Radiation detector 134 can be coupled with a downhole tools unit 136 disposed on wellbore tubular 120. Downhole tools unit 136 can be located at a downhole location within wellbore 122 and can include one or more processors and storage devices to process and/or store data received from radiation detector 134, as well as to send instructions to radiation detector 134. Further, downhole tools unit 136 can include a downhole telemetry tool configured to communicate with a surface telemetry tool included within a surface tools unit 138 located at a surface location of wellbore 122 (e.g., surface 110). Communication between tools units 136, 138 can include any technique known in the art, such as by acoustic telemetry, optical telemetry, electromagnetic telemetry, pulse telemetry, electrical lines, and the like. In this manner, tools units 136, 138 can enable bidirectional communication between surface 110 of platform 102 and downhole devices located within wellbore 122 (e.g., packers 128, 130, perforation gun 132, radiation detector 134, downhole tools unit 136, etc.).
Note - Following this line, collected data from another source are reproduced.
(* X x = X (x - r X Y x) for every real r, since X^2 = 0; take r = 1 / m^2. *)
Lemma sqnorm_add_adjoint_nil_le m x : 0 <= m -> bounded_by X m ->
  sqnorm (X x) + sqnorm (Y x) <= m ^+ 2 * sqnorm x.
Proof.
move=> m0 hX; set v := X (Y x).
have Re_vx : complex.Re (inner v x) = sqnorm (Y x) by rewrite /v XY.
have Re_xv : complex.Re (inner x v) = sqnorm (Y x) by rewrite inner_conj ReJ.
have quad r : sqnorm (X x) <= m ^+ 2 * (sqnorm x + r ^+ 2 * sqnorm v - 2 * r * sqnorm (Y x)).
  have -> : X x = X (x - r%:C *: v) by rewrite addrC -scaleNr linX /v XX0 scaler0 add0r.
  apply: le_trans (hX _) _; rewrite sqnormB sqnormZ normc2_real innerZr conjc_real.
  rewrite (_ : complex.Re (r%:C * inner x v) = r * sqnorm (Y x)) ?mulrA //.
  by rewrite -Re_xv; case: (inner x v) => ? ? /=; ring.
have hv : sqnorm v <= m ^+ 2 * sqnorm (Y x) := hX (Y x).
have X0 := sqnorm_ge0 x; have Y0 := sqnorm_ge0 (Y x); have v0 := sqnorm_ge0 v.
have [m_eq0|m_neq0] := eqVneq m 0.
  move: hv (quad 0); rewrite m_eq0 expr0n /= !mul0r => hv hXx.
  have := Re_inner_sqr_le v x; rewrite Re_vx (_ : sqnorm v = 0) ?mul0r; first by nra.
  by apply/eqP; rewrite eq_le hv v0.
have := quad (m ^+ 2)^-1.
have -> : m ^+ 2 * (sqnorm x + (m ^+ 2)^-1 ^+ 2 * sqnorm v - 2 * (m ^+ 2)^-1 * sqnorm (Y x))
          = m ^+ 2 * sqnorm x + (m ^+ 2)^-1 * sqnorm v - 2 * sqnorm (Y x).
  by field.
have : (m ^+ 2)^-1 * sqnorm v <= sqnorm (Y x).
  by rewrite ler_pdivrMl ?exprn_gt0 ?lt_def ?m_neq0.
lra.
Qed.

End NilpotentOperator.

Section Corollary.
Context {T Ts : H -> H}.
Hypotheses (linT : linear T) (hT : bounded T) (TTs : is_adjoint inner T Ts).
Let linTs : linear Ts := adjoint_linear TTs.
Let hTs : bounded Ts := adjoint_bounded TTs hT.

Lemma Omega_ReOp t :
  Omega inner (ReOp t T Ts) (ReOp t T Ts) = Num.sqrt 2 * opnorm inner (ReOp t T Ts).
Proof. exact: Omega_self (ReOp_linear t linT linTs) (ReOp_bounded t hT hTs). Qed.

Lemma Omega_ReOp_le t : Omega inner (ReOp t T Ts) (ReOp t T Ts) <= Omega inner T Ts.
Proof.
apply: Omega_le (Omega_ge0 hT hTs) _ => a b ab1 x.
pose a' := (a + b) * (expi t / 2); pose b' := (a + b) * (conjc (expi t) / 2).
have ab1' : normc2 a' + normc2 b' <= 1.
  by rewrite !normc2M normc2J normc2_expi normc2_half; have := normc2D_le a b; lra.
have -> : comb a b (ReOp t T Ts) (ReOp t T Ts) x = comb a' b' T Ts x.
  by rewrite /comb !ReOpE /comb -scalerDl scalerDr !scalerA.
have hab := comb_bounded ab1' hT hTs.
apply: bounded_byW (opnorm_ge0 hab) (opnorm_le_Omega hT hTs ab1') _ x.
exact: bounded_by_opnorm (comb_linear linT linTs) hab.
Qed.

Lemma Omega_ReOp_le_wOmega t : Omega inner (ReOp t T Ts) (ReOp t T Ts) <= wOmega inner T Ts.
Proof.
apply: ub_le_sup; last by exists t.
by exists (Omega inner T Ts) => _ [s _ <-]; apply: Omega_ReOp_le.
Qed.

Lemma wOmega_le_Omega : wOmega inner T Ts <= Omega inner T Ts.
Proof. exact: wOmega_le Omega_ReOp_le. Qed.

Lemma Omega_le_wOmega_normal : (forall x, T (Ts x) = Ts (T x)) ->
  Omega inner T Ts <= wOmega inner T Ts.
Proof.
move=> TTsC; set W := wOmega inner T Ts; set s := Num.sqrt (2 : R).
have s_gt0 : 0 < s by rewrite sqrtr_gt0.
have W0 : 0 <= W.
  apply: le_trans (Omega_ReOp_le_wOmega 0).
  by apply: Omega_ge0; apply: ReOp_bounded.
have hm : numrad_le T Ts (W / s).
  move=> t; have hSt := ReOp_bounded t hT hTs.
  apply: bounded_byW (opnorm_ge0 hSt) _ (bounded_by_opnorm (ReOp_linear t linT linTs) hSt).
  by rewrite ler_pdivlMr // mulrC -Omega_ReOp Omega_ReOp_le_wOmega.
have hTm := normal_bounded_by_numrad linT TTs TTsC hm.
apply: Omega_le W0 _ => a b ab1 x; apply: le_trans (sqnorm_comb_le _ _ ab1) _.
rewrite (sqnorm_adjoint_normal TTs TTsC); have := hTm x.
by rewrite expr_div_n sqr_sqrtr ?ler0n //; lra.
Qed.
Moreover, tools units 136, 138 can enable radiation detector 134 to send measured radiation data to surface 110 of platform 102 in real-time for processing, storage, and/or analysis by one or more processors and storage devices included within surface tools unit 138 and/or disposed at a remote location.

In operation, wellbore tubular 120 can be raised or lowered to dispose a downhole tool, such as perforating gun 132, at an initial position within wellbore 122. The initial position of perforating gun 132 can be broken into two components: a known distance 142 between perforating gun 132 and radiation detector 134, and a measured distance 144 between radiation detector 134 and surface 110. Known distance 142 can be determined, for example, by measuring the fixed length between perforating gun 132 and radiation detector 134 prior to lowering wellbore tubular 120 below surface 110. Measured distance 144 can be determined, for example, by measuring the length of wellbore tubular 120 between radiation detector 134 and surface 110 as wellbore tubular 120 is deployed downhole. However, as previously discussed, measuring the length of wellbore tubular 120 as it is deployed below surface 110 is not a reliable indicator of the actual downhole position of wellbore tubular 120 and its associated components due to factors such as inconsistent lengths of tubulars, tubular stretch and compression, well deviations, and the like.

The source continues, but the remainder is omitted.